[Start of section]
(* Let $Q$ be a quiver and let $C\subseteq \Bbbk Q$ be a monomial subcoalgebra. If $C$ is left f-qcF, then $C$ is left qcF.
   Context: $\Bbbk$ is a field. The path coalgebra $\Bbbk Q$ of a quiver $Q$ has as basis all paths of $Q$ (including the trivial paths, identified with the vertices), with $\Delta(p)=\sum_{xy=p}x\otimes y$ (where $xy$ is the concatenation of $x$ followed by $y$) and $\varepsilon(p)=1$ if $p$ is trivial, $0$ otherwise. A subcoalgebra $C\subseteq \Bbbk Q$ is monomial if it contains all vertices and arrows of $Q$ and has a linear basis consisting of paths. For a coalgebra $C$, the dual algebra $C^*$ has product $(fg)(x)=\sum f(x_1)g(x_2)$; a right $C$-comodule $M$ (coaction $m\mapsto\sum m_0\otimes m_1$) is a left $C^*$-module via $f\rightharpoonup m=\sum m_0f(m_1)$; in particular $C$ is a left $C^*$-module via $f\rightharpoonup x=\sum x_1 f(x_2)$. $C$ is left quasi-coFrobenius (left qcF) if $C$ embeds, as a left $C^*$-module, in a free left $C^*$-module. $C$ is left f-qcF if every finite dimensional right $C$-comodule embeds, as a left $C^*$-module, in a free left $C^*$-module. *)

From HB Require Import structures.
From mathcomp Require Import all_boot all_order all_algebra.
From mathcomp Require Import boolp classical_sets cardinality fsbigop.
Set Implicit Arguments. Unset Strict Implicit. Unset Printing Implicit Defensive.
Import GRing.Theory.
Local Open Scope ring_scope.
Local Open Scope classical_set_scope.

Section PathCoalgebra.
Variables (k : fieldType) (V A : choiceType) (s t : A -> V).
(* A quiver Q: vertices V, arrows A, arrow a goes from s a to t a. *)

(* Raw candidates for paths: a starting vertex and a list of arrows. *)
Definition raw := (V * seq A)%type.

(* (v, [::]) is the trivial path at v; (v, [:: a1; ..; an]) is a path iff
   s a1 = v and t a_i = s a_(i+1). *)
Definition is_path (p : raw) : bool :=
  match p.2 with
  | [::] => true
  | a :: l => (s a == p.1) && path (fun a b => t a == s b) a l
  end.

Definition tgt (p : raw) : V :=
  match p.2 with [::] => p.1 | a :: l => t (last a l) end.

Definition vtx (v : V) : raw := (v, [::]).
Definition arr (a : A) : raw := (s a, [:: a]).

Definition concat (x y : raw) : raw := (x.1, x.2 ++ y.2).
Definition composable (x y : raw) : bool :=
  [&& is_path x, is_path y & tgt x == y.1].

(* Elements of kQ (resp. X (x) kQ) are represented by their coefficient
   functions on the basis of paths.  Coefficient of x (x) y in Delta(c),
   where Delta(p) = sum_{xy = p} x (x) y. *)
Definition Delta (X : zmodType) (c : raw -> X) (x y : raw) : X :=
  if composable x y then c (concat x y) else 0.

Definition eps (p : raw) : k := (p.2 == [::])%:R.

Definition fin_supp (T : Type) (X : zmodType) (g : T -> X) : Prop :=
  finite_set [set x | g x != 0].

Definition kQ_elt (c : raw -> k) : Prop :=
  fin_supp c /\ (forall p, c p != 0 -> is_path p).

Definition in_span (S : pred raw) (c : raw -> k) : Prop :=
  kQ_elt c /\ (forall p, c p != 0 -> S p).

(* C = span S is a monomial subcoalgebra of kQ: S consists of paths,
   contains all vertices and arrows, and Delta(C) is contained in
   C (x) C = span (S x S). *)
Definition monomial (S : pred raw) : Prop :=
  [/\ {subset S <= is_path},
      (forall v, S (vtx v)),
      (forall a, S (arr a)) &
      (forall c, in_span S c ->
         forall x y, Delta c x y != 0 -> S x && S y)].

Section Dual.
Variable S : pred raw.

(* C^* = Hom(C, k), identified with functions on the basis S of C. *)
Definition Sp := {p : raw | S p}.
Definition ev (f : Sp -> k) (r : raw) : k :=
  match (insub r : option Sp) with Some q => f q | None => 0 end.

Definition pre (i : nat) (p : raw) : raw := (p.1, take i p.2).
Definition suf (i : nat) (p : raw) : raw := (tgt (pre i p), drop i p.2).

(* product of C^*: (fg)(p) = sum_{xy = p} f(x) g(y) *)
Definition dmul (f g : Sp -> k) : Sp -> k := fun q =>
  \sum_(i < (size (val q).2).+1)
     ev f (pre i (val q)) * ev g (suf i (val q)).

(* Right C-comodule structure rho : M -> M (x) C, where an element of
   M (x) C is written sum_p (rho m p) (x) p, p ranging over S. *)
Record right_comodule (M : lmodType k) (rho : M -> raw -> M) : Prop := {
  rho_linear : forall (a : k) (m n : M) p,
      rho (a *: m + n) p = a *: rho m p + rho n p;
  rho_fin : forall m, fin_supp (rho m);
  rho_supp : forall m p, rho m p != 0 -> S p;
  rho_coassoc : forall m x y, rho (rho m y) x = Delta (rho m) x y;
  rho_counit : forall m, \sum_(p \in [set: raw]) (eps p *: rho m p) = m }.

(* left C^*-action on a right comodule: f -> m = sum m_0 f(m_1) *)
Definition cact (M : lmodType k) (rho : M -> raw -> M) (f : Sp -> k) (m : M)
  : M := \sum_(p \in [set: raw]) (ev f p *: rho m p).

(* M (with left C^*-action act) embeds, as a left C^*-module, into a free
   left C^*-module (C^* )-sum over I = direct sum of copies of C^*. *)
Definition embeds_in_free (M : lmodType k) (act : (Sp -> k) -> M -> M)
  : Prop :=
  exists (I : Type) (phi : M -> I -> Sp -> k),
    [/\ (forall m, finite_set [set i | exists q, phi m i q != 0]),
        (forall m n i q, phi (m + n) i q = phi m i q + phi n i q),
        (forall f m i q, phi (act f m) i q = dmul f (phi m i) q) &
        (forall m n, (forall i q, phi m i q = phi n i q) -> m = n)].

(* C as a left C^*-module: (f -> c) = sum c_1 f(c_2), i.e.
   (f -> c)(x) = sum_y f(y) c(xy). *)
Definition hitC (f : Sp -> k) (c : raw -> k) : raw -> k := fun x =>
  \sum_(y \in [set: raw]) (ev f y * Delta c x y).

Definition left_qcF : Prop :=
  exists (I : Type) (phi : (raw -> k) -> I -> Sp -> k),
    [/\ (forall c, in_span S c -> finite_set [set i | exists q, phi c i q != 0]),
        (forall c d, in_span S c -> in_span S d ->
           forall i q, phi (fun p => c p + d p) i q = phi c i q + phi d i q),
        (forall f c, in_span S c ->
           forall i q, phi (hitC f c) i q = dmul f (phi c i) q) &
        (forall c d, in_span S c -> in_span S d ->
           (forall i q, phi c i q = phi d i q) -> forall p, c p = d p)].

Definition left_fqcF : Prop :=
  forall (M : vectType k) (rho : M -> raw -> M),
    right_comodule rho -> embeds_in_free (cact rho).

End Dual.
End PathCoalgebra.

From mathcomp Require Import all_boot all_order all_algebra.
From mathcomp Require Import boolp classical_sets cardinality fsbigop.
From mathcomp Require Import finmap.
Set Implicit Arguments. Unset Strict Implicit. Unset Printing Implicit Defensive.

(* Let v be a vertex and embed the finite-dimensional subcomodule spanned by
   some paths of C from v, closed under prefixes, in a free C^*-module. The
   vertex e_v has a nonzero coordinate at some path q. Since the dual basis
   element of a path p from v sends p to e_v, every such p is a prefix of q;
   since the dual basis element of an arrow a ending at v kills e_v, the path
   a q is not in C. Hence the paths of C from v form a chain for the prefix
   order, and this chain is finite: otherwise it would be an infinite path
   a1 a2 ... whose tail after a1 has the nonextendable path at t(a1) as a
   prefix q, putting a1 q in C. So C is the direct sum, over the vertices v,
   of the finite-dimensional subcomodules spanned by the prefixes of the
   longest path from v, and these embed in free modules by hypothesis. *)

Section QuiverPaths.
Variables (V A : choiceType) (s t : A -> V).
Local Notation raw := (raw V A).
Local Notation is_path := (is_path s t).
Local Notation composable := (composable s t).
Local Notation tgt := (tgt t).
Local Notation suf := (suf t).

Lemma is_path_concat (x y : raw) : tgt x = y.1 ->
  is_path (concat x y) = is_path x && is_path y.
Proof.
case: x y => u [|a l1] [w l2] /= e; rewrite /concat /is_path /=; first by subst w.
rewrite cat_path; case: l2 e => [|b l2] e /=; first by rewrite !andbT.
by rewrite /tgt /= in e; rewrite e (eq_sym w) !andbA.
Qed.

Lemma tgt_concat (x y : raw) : tgt x = y.1 -> tgt (concat x y) = tgt y.
Proof.
case: x y => u [|a l1] [w l2] /= e; rewrite /concat /tgt /=; first by case: l2.
by case: l2 => [|b l2]; rewrite ?cats0 //= last_cat.
Qed.

Lemma concatA (x y z : raw) : concat (concat x y) z = concat x (concat y z).
Proof. by rewrite /concat /= catA. Qed.

Lemma concat_pre_suf i (p : raw) : concat (pre i p) (suf i p) = p.
Proof. by case: p => u l; rewrite /concat /pre /suf /= cat_take_drop. Qed.

Lemma is_path_pre i (p : raw) : is_path p -> is_path (pre i p).
Proof. by rewrite -{1}(concat_pre_suf i p) is_path_concat // => /andP[]. Qed.

Lemma is_path_suf i (p : raw) : is_path p -> is_path (suf i p).
Proof. by rewrite -{1}(concat_pre_suf i p) is_path_concat // => /andP[]. Qed.

Lemma pre_concat (x y : raw) : pre (size x.2) (concat x y) = x.
Proof. by case: x => u l; rewrite /pre /concat /= take_size_cat. Qed.

Lemma suf_concat (x y : raw) : tgt x = y.1 -> suf (size x.2) (concat x y) = y.
Proof.
by case: y => w l2 /= e; rewrite /suf pre_concat e /concat /= drop_size_cat.
Qed.

Lemma pre_pre i j (p : raw) : i <= j -> pre i (pre j p) = pre i p.
Proof. by move=> ij; rewrite /pre /= take_takel. Qed.

Lemma pre_size (p : raw) : pre (size p.2) p = p.
Proof. by case: p => u l; rewrite /pre /= take_size. Qed.

Lemma size_pre i (p : raw) : i <= size p.2 -> size (pre i p).2 = i.
Proof. by move=> h; rewrite /pre /= size_takel. Qed.

Lemma pre_size_eq j (q p : raw) : pre j q = p -> pre (size p.2) q = p.
Proof.
move=> <-; rewrite /pre /=; congr pair.
by rewrite -{2}(cat_take_drop j q.2) take_size_cat.
Qed.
[End of section]
■ WHAT IS REQUIRED
For this exercise, repeat exactly the lines of the data above from the one with "Definition fin_supp (T" down to the one with "(* C = span", both end lines included.

■ SOLUTION FOR THIS TASK
Definition fin_supp (T : Type) (X : zmodType) (g : T -> X) : Prop :=
  finite_set [set x | g x != 0].

Definition kQ_elt (c : raw -> k) : Prop :=
  fin_supp c /\ (forall p, c p != 0 -> is_path p).

Definition in_span (S : pred raw) (c : raw -> k) : Prop :=
  kQ_elt c /\ (forall p, c p != 0 -> S p).

(* C = span S is a monomial subcoalgebra of kQ: S consists of paths,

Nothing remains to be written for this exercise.